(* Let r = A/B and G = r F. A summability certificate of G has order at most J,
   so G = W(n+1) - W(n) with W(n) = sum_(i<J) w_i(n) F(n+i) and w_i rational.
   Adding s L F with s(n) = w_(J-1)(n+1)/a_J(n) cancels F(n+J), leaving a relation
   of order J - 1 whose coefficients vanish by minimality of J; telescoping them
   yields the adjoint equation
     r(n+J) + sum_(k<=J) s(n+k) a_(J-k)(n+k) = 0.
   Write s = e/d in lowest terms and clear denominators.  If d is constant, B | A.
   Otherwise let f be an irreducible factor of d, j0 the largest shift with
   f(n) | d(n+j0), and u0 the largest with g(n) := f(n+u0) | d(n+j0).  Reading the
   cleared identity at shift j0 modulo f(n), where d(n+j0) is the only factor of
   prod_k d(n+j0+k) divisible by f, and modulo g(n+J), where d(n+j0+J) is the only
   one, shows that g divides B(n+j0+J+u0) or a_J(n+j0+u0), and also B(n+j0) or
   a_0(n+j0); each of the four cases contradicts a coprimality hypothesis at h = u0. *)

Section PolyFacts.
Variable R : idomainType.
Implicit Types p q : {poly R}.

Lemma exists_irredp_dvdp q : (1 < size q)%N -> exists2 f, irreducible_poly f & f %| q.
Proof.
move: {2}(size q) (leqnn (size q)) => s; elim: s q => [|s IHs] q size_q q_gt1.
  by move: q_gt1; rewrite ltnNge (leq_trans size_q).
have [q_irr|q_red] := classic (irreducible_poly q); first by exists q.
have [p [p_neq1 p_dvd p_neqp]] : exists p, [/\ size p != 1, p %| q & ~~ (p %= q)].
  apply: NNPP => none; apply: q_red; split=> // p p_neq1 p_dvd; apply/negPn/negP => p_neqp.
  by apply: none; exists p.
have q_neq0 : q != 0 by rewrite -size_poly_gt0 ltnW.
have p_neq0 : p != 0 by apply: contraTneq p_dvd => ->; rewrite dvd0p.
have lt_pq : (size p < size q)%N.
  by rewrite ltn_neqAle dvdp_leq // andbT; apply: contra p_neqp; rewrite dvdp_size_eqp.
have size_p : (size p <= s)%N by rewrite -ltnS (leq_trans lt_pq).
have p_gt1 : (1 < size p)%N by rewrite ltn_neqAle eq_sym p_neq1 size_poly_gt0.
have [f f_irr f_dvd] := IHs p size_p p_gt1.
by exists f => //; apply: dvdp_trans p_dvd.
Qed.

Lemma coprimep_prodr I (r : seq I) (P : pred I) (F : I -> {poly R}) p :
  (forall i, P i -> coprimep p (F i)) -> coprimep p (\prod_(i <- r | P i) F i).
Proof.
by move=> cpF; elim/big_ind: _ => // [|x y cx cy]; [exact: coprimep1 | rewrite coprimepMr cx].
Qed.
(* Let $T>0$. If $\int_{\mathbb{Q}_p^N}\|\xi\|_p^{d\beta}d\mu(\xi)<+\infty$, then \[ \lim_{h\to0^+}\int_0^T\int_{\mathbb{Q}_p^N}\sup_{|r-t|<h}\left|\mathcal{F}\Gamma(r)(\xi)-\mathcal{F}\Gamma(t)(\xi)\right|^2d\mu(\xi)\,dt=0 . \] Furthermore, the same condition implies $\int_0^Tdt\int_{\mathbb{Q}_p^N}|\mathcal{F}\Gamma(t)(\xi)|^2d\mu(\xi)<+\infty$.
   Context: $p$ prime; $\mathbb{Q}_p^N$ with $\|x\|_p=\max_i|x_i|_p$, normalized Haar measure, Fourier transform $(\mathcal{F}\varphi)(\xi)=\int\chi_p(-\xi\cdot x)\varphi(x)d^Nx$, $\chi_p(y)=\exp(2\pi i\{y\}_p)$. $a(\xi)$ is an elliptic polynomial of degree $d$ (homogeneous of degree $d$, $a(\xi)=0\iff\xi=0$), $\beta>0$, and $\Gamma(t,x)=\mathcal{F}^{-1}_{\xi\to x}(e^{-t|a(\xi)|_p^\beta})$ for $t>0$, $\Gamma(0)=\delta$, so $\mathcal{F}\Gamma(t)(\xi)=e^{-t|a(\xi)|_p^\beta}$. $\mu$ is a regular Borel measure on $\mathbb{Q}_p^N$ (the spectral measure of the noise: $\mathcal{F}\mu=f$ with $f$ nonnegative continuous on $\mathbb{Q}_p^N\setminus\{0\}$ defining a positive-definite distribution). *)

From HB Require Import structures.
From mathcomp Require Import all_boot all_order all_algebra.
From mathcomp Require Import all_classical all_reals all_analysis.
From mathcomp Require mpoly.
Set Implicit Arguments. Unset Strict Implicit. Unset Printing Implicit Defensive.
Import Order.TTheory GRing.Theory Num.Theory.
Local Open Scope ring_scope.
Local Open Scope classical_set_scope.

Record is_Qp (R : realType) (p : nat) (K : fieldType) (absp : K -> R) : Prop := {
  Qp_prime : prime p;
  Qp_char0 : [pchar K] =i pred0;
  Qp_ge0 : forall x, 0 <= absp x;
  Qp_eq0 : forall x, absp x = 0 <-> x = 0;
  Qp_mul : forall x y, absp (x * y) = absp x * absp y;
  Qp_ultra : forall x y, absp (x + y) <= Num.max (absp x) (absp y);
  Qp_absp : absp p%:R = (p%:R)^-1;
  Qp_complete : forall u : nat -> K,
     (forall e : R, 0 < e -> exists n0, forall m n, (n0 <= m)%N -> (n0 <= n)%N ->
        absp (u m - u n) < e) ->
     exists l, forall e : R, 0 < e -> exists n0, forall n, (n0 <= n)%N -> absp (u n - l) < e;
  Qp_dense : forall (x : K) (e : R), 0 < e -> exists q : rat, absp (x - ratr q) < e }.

━━━━━━━━━━━━━━━━━━━━

> **YOUR OBJECTIVE**: Would you restate the whole listing word for word?

> **ANSWER TO THIS PROBLEM**:
(* Let r = A/B and G = r F. A summability certificate of G has order at most J,
   so G = W(n+1) - W(n) with W(n) = sum_(i<J) w_i(n) F(n+i) and w_i rational.
   Adding s L F with s(n) = w_(J-1)(n+1)/a_J(n) cancels F(n+J), leaving a relation
   of order J - 1 whose coefficients vanish by minimality of J; telescoping them
   yields the adjoint equation
     r(n+J) + sum_(k<=J) s(n+k) a_(J-k)(n+k) = 0.
   Write s = e/d in lowest terms and clear denominators.  If d is constant, B | A.
   Otherwise let f be an irreducible factor of d, j0 the largest shift with
   f(n) | d(n+j0), and u0 the largest with g(n) := f(n+u0) | d(n+j0).  Reading the
   cleared identity at shift j0 modulo f(n), where d(n+j0) is the only factor of
   prod_k d(n+j0+k) divisible by f, and modulo g(n+J), where d(n+j0+J) is the only
   one, shows that g divides B(n+j0+J+u0) or a_J(n+j0+u0), and also B(n+j0) or
   a_0(n+j0); each of the four cases contradicts a coprimality hypothesis at h = u0. *)

Section PolyFacts.
Variable R : idomainType.
Implicit Types p q : {poly R}.

Lemma exists_irredp_dvdp q : (1 < size q)%N -> exists2 f, irreducible_poly f & f %| q.
Proof.
move: {2}(size q) (leqnn (size q)) => s; elim: s q => [|s IHs] q size_q q_gt1.
  by move: q_gt1; rewrite ltnNge (leq_trans size_q).
have [q_irr|q_red] := classic (irreducible_poly q); first by exists q.
have [p [p_neq1 p_dvd p_neqp]] : exists p, [/\ size p != 1, p %| q & ~~ (p %= q)].
  apply: NNPP => none; apply: q_red; split=> // p p_neq1 p_dvd; apply/negPn/negP => p_neqp.
  by apply: none; exists p.
have q_neq0 : q != 0 by rewrite -size_poly_gt0 ltnW.
have p_neq0 : p != 0 by apply: contraTneq p_dvd => ->; rewrite dvd0p.
have lt_pq : (size p < size q)%N.
  by rewrite ltn_neqAle dvdp_leq // andbT; apply: contra p_neqp; rewrite dvdp_size_eqp.
have size_p : (size p <= s)%N by rewrite -ltnS (leq_trans lt_pq).
have p_gt1 : (1 < size p)%N by rewrite ltn_neqAle eq_sym p_neq1 size_poly_gt0.
have [f f_irr f_dvd] := IHs p size_p p_gt1.
by exists f => //; apply: dvdp_trans p_dvd.
Qed.

Lemma coprimep_prodr I (r : seq I) (P : pred I) (F : I -> {poly R}) p :
  (forall i, P i -> coprimep p (F i)) -> coprimep p (\prod_(i <- r | P i) F i).
Proof.
by move=> cpF; elim/big_ind: _ => // [|x y cx cy]; [exact: coprimep1 | rewrite coprimepMr cx].
Qed.
(* Let $T>0$. If $\int_{\mathbb{Q}_p^N}\|\xi\|_p^{d\beta}d\mu(\xi)<+\infty$, then \[ \lim_{h\to0^+}\int_0^T\int_{\mathbb{Q}_p^N}\sup_{|r-t|<h}\left|\mathcal{F}\Gamma(r)(\xi)-\mathcal{F}\Gamma(t)(\xi)\right|^2d\mu(\xi)\,dt=0 . \] Furthermore, the same condition implies $\int_0^Tdt\int_{\mathbb{Q}_p^N}|\mathcal{F}\Gamma(t)(\xi)|^2d\mu(\xi)<+\infty$.
   Context: $p$ prime; $\mathbb{Q}_p^N$ with $\|x\|_p=\max_i|x_i|_p$, normalized Haar measure, Fourier transform $(\mathcal{F}\varphi)(\xi)=\int\chi_p(-\xi\cdot x)\varphi(x)d^Nx$, $\chi_p(y)=\exp(2\pi i\{y\}_p)$. $a(\xi)$ is an elliptic polynomial of degree $d$ (homogeneous of degree $d$, $a(\xi)=0\iff\xi=0$), $\beta>0$, and $\Gamma(t,x)=\mathcal{F}^{-1}_{\xi\to x}(e^{-t|a(\xi)|_p^\beta})$ for $t>0$, $\Gamma(0)=\delta$, so $\mathcal{F}\Gamma(t)(\xi)=e^{-t|a(\xi)|_p^\beta}$. $\mu$ is a regular Borel measure on $\mathbb{Q}_p^N$ (the spectral measure of the noise: $\mathcal{F}\mu=f$ with $f$ nonnegative continuous on $\mathbb{Q}_p^N\setminus\{0\}$ defining a positive-definite distribution). *)

From HB Require Import structures.
From mathcomp Require Import all_boot all_order all_algebra.
From mathcomp Require Import all_classical all_reals all_analysis.
From mathcomp Require mpoly.
Set Implicit Arguments. Unset Strict Implicit. Unset Printing Implicit Defensive.
Import Order.TTheory GRing.Theory Num.Theory.
Local Open Scope ring_scope.
Local Open Scope classical_set_scope.

Record is_Qp (R : realType) (p : nat) (K : fieldType) (absp : K -> R) : Prop := {
  Qp_prime : prime p;
  Qp_char0 : [pchar K] =i pred0;
  Qp_ge0 : forall x, 0 <= absp x;
  Qp_eq0 : forall x, absp x = 0 <-> x = 0;
  Qp_mul : forall x y, absp (x * y) = absp x * absp y;
  Qp_ultra : forall x y, absp (x + y) <= Num.max (absp x) (absp y);
  Qp_absp : absp p%:R = (p%:R)^-1;
  Qp_complete : forall u : nat -> K,
     (forall e : R, 0 < e -> exists n0, forall m n, (n0 <= m)%N -> (n0 <= n)%N ->
        absp (u m - u n) < e) ->
     exists l, forall e : R, 0 < e -> exists n0, forall n, (n0 <= n)%N -> absp (u n - l) < e;
  Qp_dense : forall (x : K) (e : R), 0 < e -> exists q : rat, absp (x - ratr q) < e }.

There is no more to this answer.